[Collected data entries]
_ _ _ _ _ _ _
Lemma lower_col_partial k m p x0 c : path ltn x0 c -> p <= x0.+1 -> 1 <= m <= k ->
  (forall t, t < size c -> p + t = m -> k < nth 0 c t) -> (p = m.+1 -> k < x0) ->
  [/\ m \notin lower_col k m.+1 p c,
      map (lower_letter m) (lower_col k m.+1 p c) = lower_col k m p c &
      count_mem m.+1 (lower_col k m.+1 p c) = count_mem k.+1 (take (m.+1 - p) c)].
Proof.
move=> + + Hm; elim: c p x0 => [|x c IH] p x0 //= /andP[Hx Hc] Hp Hrow_m Hprev.
have Hx_m : p = m -> k < x by move=> E; apply: (Hrow_m 0) => //; rewrite addn0.
have [Hno_m Hmap Hcount] : [/\ m \notin lower_col k m.+1 p.+1 c,
    map (lower_letter m) (lower_col k m.+1 p.+1 c) = lower_col k m p.+1 c &
    count_mem m.+1 (lower_col k m.+1 p.+1 c) = count_mem k.+1 (take (m.+1 - p.+1) c)].
  apply: IH Hc _ _ (fun E => Hx_m (succn_inj E)); first by lia.
  by move=> t Ht Et; apply: (Hrow_m t.+1) => //; lia.
have [Hx_ne Hx_map Hx_count] := lower_entry_partial Hm Hx Hp Hx_m Hprev.
rewrite in_cons (negbTE Hno_m) Hmap Hcount orbF eq_sym (negbTE Hx_ne) Hx_map Hx_count.
case E: (m.+1 - p) => [|t] /=.
  have -> : m.+1 - p.+1 = 0 by lia.
  by rewrite take0 (_ : p <= m = false) //; lia.
have -> : m.+1 - p.+1 = t by lia.
by rewrite (_ : p <= m = true) //; lia.
Qed.

Lemma path_geq_blocks (f : nat -> nat) x0 l : path geq x0 l ->
  path geq x0 (flatten [seq nseq (f h).+1 h | h <- l]).
Proof.
have path_nseq n h : path geq h (nseq n h) by elim: n => //= n ->; rewrite leqnn.
elim: l x0 => //= h l IH x0 /andP[H1 H2]; rewrite cat_path /= H1 path_nseq /=.
by rewrite (_ : last h _ = h) ?IH //; elim: (f h).
Qed.

Lemma shape_lr_sorted r lam : sorted geq (shape_lr r lam).
Proof.
have : sorted geq (rev (iota 1 r)) by rewrite rev_sorted; apply: iota_sorted.
rewrite /shape_lr; case: (rev (iota 1 r)) => [|h l] //= S.
by have /= := @path_geq_blocks lam h (h :: l); rewrite leqnn S; apply.
Qed.

Lemma read_word_cat (A B : tableau) : read_word (A ++ B) = read_word B ++ read_word A.
Proof. by rewrite /read_word rev_cat flatten_cat. Qed.

Lemma shape_lowered k M T : shape (lowered k M T) = shape T.
Proof. by rewrite /shape -map_comp; apply/eq_map => c /=; rewrite size_lower_col. Qed.

Lemma count_read_word (P : pred nat) (S : tableau) :
  count P (read_word S) = \sum_(c <- S) count P c.
Proof. by rewrite /read_word count_flatten map_rev sumn_rev sumnE big_map. Qed.

Definition full_to (m k : nat) (c : seq nat) : bool :=
  (m <= size c) && (nth 0 c m.-1 <= k).

Section Tableau.
Variables (r : nat) (lam : nat -> nat) (T : tableau).
Hypothesis HT : in_B_lam_rho r lam T.

Lemma column_path c : c \in T -> path ltn 0 c.
Proof.
case: HT => _ Hent Hsort _ Hc; have := Hsort c Hc; have := Hent c Hc.
by case: c Hc => [|x c] //= _ Hx ->; rewrite andbT; case/andP: (Hx x (mem_head _ _)).
Qed.

Lemma column_height_mono p q : p <= q < size T ->
  size (nth [::] T q) <= size (nth [::] T p).
Proof.
case: HT => Hsh _ _ _ /andP[Hpq Hq]; have S := shape_lr_sorted r lam.
rewrite -Hsh in S; have Hp := leq_ltn_trans Hpq Hq.
have geq_trans : transitive geq by move=> y x z H1 H2; apply: leq_trans H2 H1.
have := sorted_leq_nth geq_trans (@leqnn) 0 S.
move=> /(_ p q); rewrite !inE !size_map => /(_ Hp Hq Hpq).
by rewrite !(nth_map [::]).
Qed.

(* Columns to the left of a column full to row m are full to row m as well
   (heights decrease, rows weakly increase). *)
Lemma full_to_left m k p q : 1 <= m -> p <= q < size T ->
  full_to m k (nth [::] T q) -> full_to m k (nth [::] T p).
Proof.
move=> Hm Hpq /andP[Hs Hn]; have Hh := column_height_mono Hpq.
case: HT => _ _ _ Hrow; apply/andP; split; first exact: leq_trans Hh.
case/andP: Hpq => Hpq Hq; case: (ltngtP p q) Hpq => // [Hlt|->] _ //.
by apply: leq_trans Hn; apply: Hrow; [rewrite Hlt | apply: leq_trans Hs; lia].
Qed.

(* The columns full to row m form a prefix of T; cut T there. *)
Section Step.
Variables (m k : nat).
Hypothesis Hm : 1 <= m <= k.
Let L := find (fun c => ~~ full_to m k c) T.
_ _ _ _ _ _ _
◆ **TASK GOAL**
The lines above should be duplicated exactly.

◆ **RESPONSE BELOW**
Lemma lower_col_partial k m p x0 c : path ltn x0 c -> p <= x0.+1 -> 1 <= m <= k ->
  (forall t, t < size c -> p + t = m -> k < nth 0 c t) -> (p = m.+1 -> k < x0) ->
  [/\ m \notin lower_col k m.+1 p c,
      map (lower_letter m) (lower_col k m.+1 p c) = lower_col k m p c &
      count_mem m.+1 (lower_col k m.+1 p c) = count_mem k.+1 (take (m.+1 - p) c)].
Proof.
move=> + + Hm; elim: c p x0 => [|x c IH] p x0 //= /andP[Hx Hc] Hp Hrow_m Hprev.
have Hx_m : p = m -> k < x by move=> E; apply: (Hrow_m 0) => //; rewrite addn0.
have [Hno_m Hmap Hcount] : [/\ m \notin lower_col k m.+1 p.+1 c,
    map (lower_letter m) (lower_col k m.+1 p.+1 c) = lower_col k m p.+1 c &
    count_mem m.+1 (lower_col k m.+1 p.+1 c) = count_mem k.+1 (take (m.+1 - p.+1) c)].
  apply: IH Hc _ _ (fun E => Hx_m (succn_inj E)); first by lia.
  by move=> t Ht Et; apply: (Hrow_m t.+1) => //; lia.
have [Hx_ne Hx_map Hx_count] := lower_entry_partial Hm Hx Hp Hx_m Hprev.
rewrite in_cons (negbTE Hno_m) Hmap Hcount orbF eq_sym (negbTE Hx_ne) Hx_map Hx_count.
case E: (m.+1 - p) => [|t] /=.
  have -> : m.+1 - p.+1 = 0 by lia.
  by rewrite take0 (_ : p <= m = false) //; lia.
have -> : m.+1 - p.+1 = t by lia.
by rewrite (_ : p <= m = true) //; lia.
Qed.

Lemma path_geq_blocks (f : nat -> nat) x0 l : path geq x0 l ->
  path geq x0 (flatten [seq nseq (f h).+1 h | h <- l]).
Proof.
have path_nseq n h : path geq h (nseq n h) by elim: n => //= n ->; rewrite leqnn.
elim: l x0 => //= h l IH x0 /andP[H1 H2]; rewrite cat_path /= H1 path_nseq /=.
by rewrite (_ : last h _ = h) ?IH //; elim: (f h).
Qed.

Lemma shape_lr_sorted r lam : sorted geq (shape_lr r lam).
Proof.
have : sorted geq (rev (iota 1 r)) by rewrite rev_sorted; apply: iota_sorted.
rewrite /shape_lr; case: (rev (iota 1 r)) => [|h l] //= S.
by have /= := @path_geq_blocks lam h (h :: l); rewrite leqnn S; apply.
Qed.

Lemma read_word_cat (A B : tableau) : read_word (A ++ B) = read_word B ++ read_word A.
Proof. by rewrite /read_word rev_cat flatten_cat. Qed.

Lemma shape_lowered k M T : shape (lowered k M T) = shape T.
Proof. by rewrite /shape -map_comp; apply/eq_map => c /=; rewrite size_lower_col. Qed.

Lemma count_read_word (P : pred nat) (S : tableau) :
  count P (read_word S) = \sum_(c <- S) count P c.
Proof. by rewrite /read_word count_flatten map_rev sumn_rev sumnE big_map. Qed.

Definition full_to (m k : nat) (c : seq nat) : bool :=
  (m <= size c) && (nth 0 c m.-1 <= k).

Section Tableau.
Variables (r : nat) (lam : nat -> nat) (T : tableau).
Hypothesis HT : in_B_lam_rho r lam T.

Lemma column_path c : c \in T -> path ltn 0 c.
Proof.
case: HT => _ Hent Hsort _ Hc; have := Hsort c Hc; have := Hent c Hc.
by case: c Hc => [|x c] //= _ Hx ->; rewrite andbT; case/andP: (Hx x (mem_head _ _)).
Qed.

Lemma column_height_mono p q : p <= q < size T ->
  size (nth [::] T q) <= size (nth [::] T p).
Proof.
case: HT => Hsh _ _ _ /andP[Hpq Hq]; have S := shape_lr_sorted r lam.
rewrite -Hsh in S; have Hp := leq_ltn_trans Hpq Hq.
have geq_trans : transitive geq by move=> y x z H1 H2; apply: leq_trans H2 H1.
have := sorted_leq_nth geq_trans (@leqnn) 0 S.
move=> /(_ p q); rewrite !inE !size_map => /(_ Hp Hq Hpq).
by rewrite !(nth_map [::]).
Qed.

(* Columns to the left of a column full to row m are full to row m as well
   (heights decrease, rows weakly increase). *)
Lemma full_to_left m k p q : 1 <= m -> p <= q < size T ->
  full_to m k (nth [::] T q) -> full_to m k (nth [::] T p).
Proof.
move=> Hm Hpq /andP[Hs Hn]; have Hh := column_height_mono Hpq.
case: HT => _ _ _ Hrow; apply/andP; split; first exact: leq_trans Hh.
case/andP: Hpq => Hpq Hq; case: (ltngtP p q) Hpq => // [Hlt|->] _ //.
by apply: leq_trans Hn; apply: Hrow; [rewrite Hlt | apply: leq_trans Hs; lia].
Qed.

(* The columns full to row m form a prefix of T; cut T there. *)
Section Step.
Variables (m k : nat).
Hypothesis Hm : 1 <= m <= k.
Let L := find (fun c => ~~ full_to m k c) T.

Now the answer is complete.